## PROBLEM TO WORK ON
Begin with the line containing "Local Notation Rz" and copy every line after it to the end of the entries, exactly, leaving out the lines before it.

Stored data
◆ ◆ ◆ ◆ ◆ ◆ ◆

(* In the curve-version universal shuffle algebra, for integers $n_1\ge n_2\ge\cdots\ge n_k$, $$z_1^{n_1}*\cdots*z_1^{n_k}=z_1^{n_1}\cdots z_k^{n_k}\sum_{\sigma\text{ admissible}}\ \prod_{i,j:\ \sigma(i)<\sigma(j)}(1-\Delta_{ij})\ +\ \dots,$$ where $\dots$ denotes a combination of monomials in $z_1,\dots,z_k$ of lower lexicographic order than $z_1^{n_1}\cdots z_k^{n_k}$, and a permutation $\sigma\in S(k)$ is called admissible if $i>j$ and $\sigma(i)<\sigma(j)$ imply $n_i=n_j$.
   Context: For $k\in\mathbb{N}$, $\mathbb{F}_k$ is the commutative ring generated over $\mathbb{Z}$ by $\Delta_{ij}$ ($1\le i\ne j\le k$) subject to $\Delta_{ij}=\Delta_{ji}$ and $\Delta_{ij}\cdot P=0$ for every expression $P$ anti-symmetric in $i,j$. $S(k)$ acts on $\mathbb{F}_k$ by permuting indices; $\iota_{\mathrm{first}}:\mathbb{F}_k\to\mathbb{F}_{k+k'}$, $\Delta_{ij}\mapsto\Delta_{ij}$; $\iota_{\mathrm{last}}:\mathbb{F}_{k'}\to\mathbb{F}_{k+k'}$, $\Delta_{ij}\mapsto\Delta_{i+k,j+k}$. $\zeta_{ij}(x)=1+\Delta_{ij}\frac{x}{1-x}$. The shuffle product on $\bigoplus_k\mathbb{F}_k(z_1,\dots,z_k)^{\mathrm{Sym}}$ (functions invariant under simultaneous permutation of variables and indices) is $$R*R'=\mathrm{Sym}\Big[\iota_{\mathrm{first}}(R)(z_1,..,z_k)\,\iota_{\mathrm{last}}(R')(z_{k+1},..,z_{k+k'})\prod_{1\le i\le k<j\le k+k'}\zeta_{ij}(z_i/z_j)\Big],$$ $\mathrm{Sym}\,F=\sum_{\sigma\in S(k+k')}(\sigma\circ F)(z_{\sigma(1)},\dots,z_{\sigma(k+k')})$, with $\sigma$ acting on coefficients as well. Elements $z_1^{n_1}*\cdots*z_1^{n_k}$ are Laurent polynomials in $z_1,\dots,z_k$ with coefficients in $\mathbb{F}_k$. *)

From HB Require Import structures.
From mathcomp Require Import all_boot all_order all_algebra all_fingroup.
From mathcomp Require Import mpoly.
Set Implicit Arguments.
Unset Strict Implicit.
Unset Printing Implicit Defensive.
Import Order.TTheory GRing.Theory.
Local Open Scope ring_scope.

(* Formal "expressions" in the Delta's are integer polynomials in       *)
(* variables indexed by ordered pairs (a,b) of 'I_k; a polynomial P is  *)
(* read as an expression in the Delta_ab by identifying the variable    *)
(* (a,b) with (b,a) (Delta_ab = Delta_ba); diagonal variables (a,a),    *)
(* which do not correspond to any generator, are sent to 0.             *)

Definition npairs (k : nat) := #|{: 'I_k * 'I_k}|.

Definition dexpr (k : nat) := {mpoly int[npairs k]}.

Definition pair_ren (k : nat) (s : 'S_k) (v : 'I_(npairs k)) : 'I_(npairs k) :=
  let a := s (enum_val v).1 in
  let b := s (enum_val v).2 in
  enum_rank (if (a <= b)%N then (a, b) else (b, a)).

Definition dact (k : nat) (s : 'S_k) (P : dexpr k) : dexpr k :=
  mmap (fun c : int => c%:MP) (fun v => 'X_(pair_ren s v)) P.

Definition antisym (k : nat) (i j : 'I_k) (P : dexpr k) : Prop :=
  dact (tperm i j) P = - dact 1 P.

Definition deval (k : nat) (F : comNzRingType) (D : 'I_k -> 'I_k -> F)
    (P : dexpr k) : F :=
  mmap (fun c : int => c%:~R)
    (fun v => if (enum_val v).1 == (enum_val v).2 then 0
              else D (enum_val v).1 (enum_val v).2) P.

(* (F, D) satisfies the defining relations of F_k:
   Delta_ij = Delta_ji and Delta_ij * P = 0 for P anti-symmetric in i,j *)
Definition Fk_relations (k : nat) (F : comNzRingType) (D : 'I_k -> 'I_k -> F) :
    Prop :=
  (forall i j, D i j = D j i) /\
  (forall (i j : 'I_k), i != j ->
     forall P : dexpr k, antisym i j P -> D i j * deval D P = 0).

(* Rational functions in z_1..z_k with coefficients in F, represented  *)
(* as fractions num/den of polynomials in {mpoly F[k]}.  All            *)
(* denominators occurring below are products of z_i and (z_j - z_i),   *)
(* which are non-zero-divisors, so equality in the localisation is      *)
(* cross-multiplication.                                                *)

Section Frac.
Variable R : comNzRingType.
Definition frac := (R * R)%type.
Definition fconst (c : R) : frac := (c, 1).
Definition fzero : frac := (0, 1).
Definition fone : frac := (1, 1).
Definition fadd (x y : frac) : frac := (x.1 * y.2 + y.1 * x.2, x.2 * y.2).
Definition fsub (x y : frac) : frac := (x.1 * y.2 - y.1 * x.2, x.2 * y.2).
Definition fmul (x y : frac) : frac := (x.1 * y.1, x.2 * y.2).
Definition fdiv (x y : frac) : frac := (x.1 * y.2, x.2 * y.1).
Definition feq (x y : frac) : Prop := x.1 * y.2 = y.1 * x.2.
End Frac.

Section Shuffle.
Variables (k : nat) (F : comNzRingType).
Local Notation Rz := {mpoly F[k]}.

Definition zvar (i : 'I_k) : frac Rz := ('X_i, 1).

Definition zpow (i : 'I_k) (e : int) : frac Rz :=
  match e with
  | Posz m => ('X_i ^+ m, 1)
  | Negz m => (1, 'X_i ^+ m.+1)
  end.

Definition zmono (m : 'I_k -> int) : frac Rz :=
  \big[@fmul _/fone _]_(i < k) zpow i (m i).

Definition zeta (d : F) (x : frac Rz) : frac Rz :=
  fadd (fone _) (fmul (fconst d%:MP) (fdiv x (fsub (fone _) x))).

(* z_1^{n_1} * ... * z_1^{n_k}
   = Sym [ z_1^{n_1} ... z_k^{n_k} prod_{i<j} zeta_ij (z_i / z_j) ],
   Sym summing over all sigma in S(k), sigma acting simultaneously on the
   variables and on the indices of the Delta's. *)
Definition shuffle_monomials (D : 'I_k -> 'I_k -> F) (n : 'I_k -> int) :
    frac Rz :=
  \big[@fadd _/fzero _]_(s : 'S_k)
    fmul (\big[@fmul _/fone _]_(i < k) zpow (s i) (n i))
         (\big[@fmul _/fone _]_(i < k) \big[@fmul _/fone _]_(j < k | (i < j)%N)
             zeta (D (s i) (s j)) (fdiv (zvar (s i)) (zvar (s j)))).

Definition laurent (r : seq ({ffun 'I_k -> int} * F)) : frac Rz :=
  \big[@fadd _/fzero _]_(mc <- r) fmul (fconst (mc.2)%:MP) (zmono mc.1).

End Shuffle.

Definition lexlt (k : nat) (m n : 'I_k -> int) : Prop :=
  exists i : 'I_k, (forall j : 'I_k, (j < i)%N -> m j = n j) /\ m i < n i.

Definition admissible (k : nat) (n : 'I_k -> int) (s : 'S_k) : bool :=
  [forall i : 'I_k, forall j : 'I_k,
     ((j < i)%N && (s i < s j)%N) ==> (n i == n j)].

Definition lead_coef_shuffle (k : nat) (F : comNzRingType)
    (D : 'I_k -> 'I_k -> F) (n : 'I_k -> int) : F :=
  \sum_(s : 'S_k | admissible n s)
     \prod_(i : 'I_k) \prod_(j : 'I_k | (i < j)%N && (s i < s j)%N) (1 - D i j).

◆ ◆ ◆ ◆ ◆ ◆ ◆

## RESPONSE FOR THIS EXERCISE
Local Notation Rz := {mpoly F[k]}.

Definition zvar (i : 'I_k) : frac Rz := ('X_i, 1).

Definition zpow (i : 'I_k) (e : int) : frac Rz :=
  match e with
  | Posz m => ('X_i ^+ m, 1)
  | Negz m => (1, 'X_i ^+ m.+1)
  end.

Definition zmono (m : 'I_k -> int) : frac Rz :=
  \big[@fmul _/fone _]_(i < k) zpow i (m i).

Definition zeta (d : F) (x : frac Rz) : frac Rz :=
  fadd (fone _) (fmul (fconst d%:MP) (fdiv x (fsub (fone _) x))).

(* z_1^{n_1} * ... * z_1^{n_k}
   = Sym [ z_1^{n_1} ... z_k^{n_k} prod_{i<j} zeta_ij (z_i / z_j) ],
   Sym summing over all sigma in S(k), sigma acting simultaneously on the
   variables and on the indices of the Delta's. *)
Definition shuffle_monomials (D : 'I_k -> 'I_k -> F) (n : 'I_k -> int) :
    frac Rz :=
  \big[@fadd _/fzero _]_(s : 'S_k)
    fmul (\big[@fmul _/fone _]_(i < k) zpow (s i) (n i))
         (\big[@fmul _/fone _]_(i < k) \big[@fmul _/fone _]_(j < k | (i < j)%N)
             zeta (D (s i) (s j)) (fdiv (zvar (s i)) (zvar (s j)))).

Definition laurent (r : seq ({ffun 'I_k -> int} * F)) : frac Rz :=
  \big[@fadd _/fzero _]_(mc <- r) fmul (fconst (mc.2)%:MP) (zmono mc.1).

End Shuffle.

Definition lexlt (k : nat) (m n : 'I_k -> int) : Prop :=
  exists i : 'I_k, (forall j : 'I_k, (j < i)%N -> m j = n j) /\ m i < n i.

Definition admissible (k : nat) (n : 'I_k -> int) (s : 'S_k) : bool :=
  [forall i : 'I_k, forall j : 'I_k,
     ((j < i)%N && (s i < s j)%N) ==> (n i == n j)].

Definition lead_coef_shuffle (k : nat) (F : comNzRingType)
    (D : 'I_k -> 'I_k -> F) (n : 'I_k -> int) : F :=
  \sum_(s : 'S_k | admissible n s)
     \prod_(i : 'I_k) \prod_(j : 'I_k | (i < j)%N && (s i < s j)%N) (1 - D i j).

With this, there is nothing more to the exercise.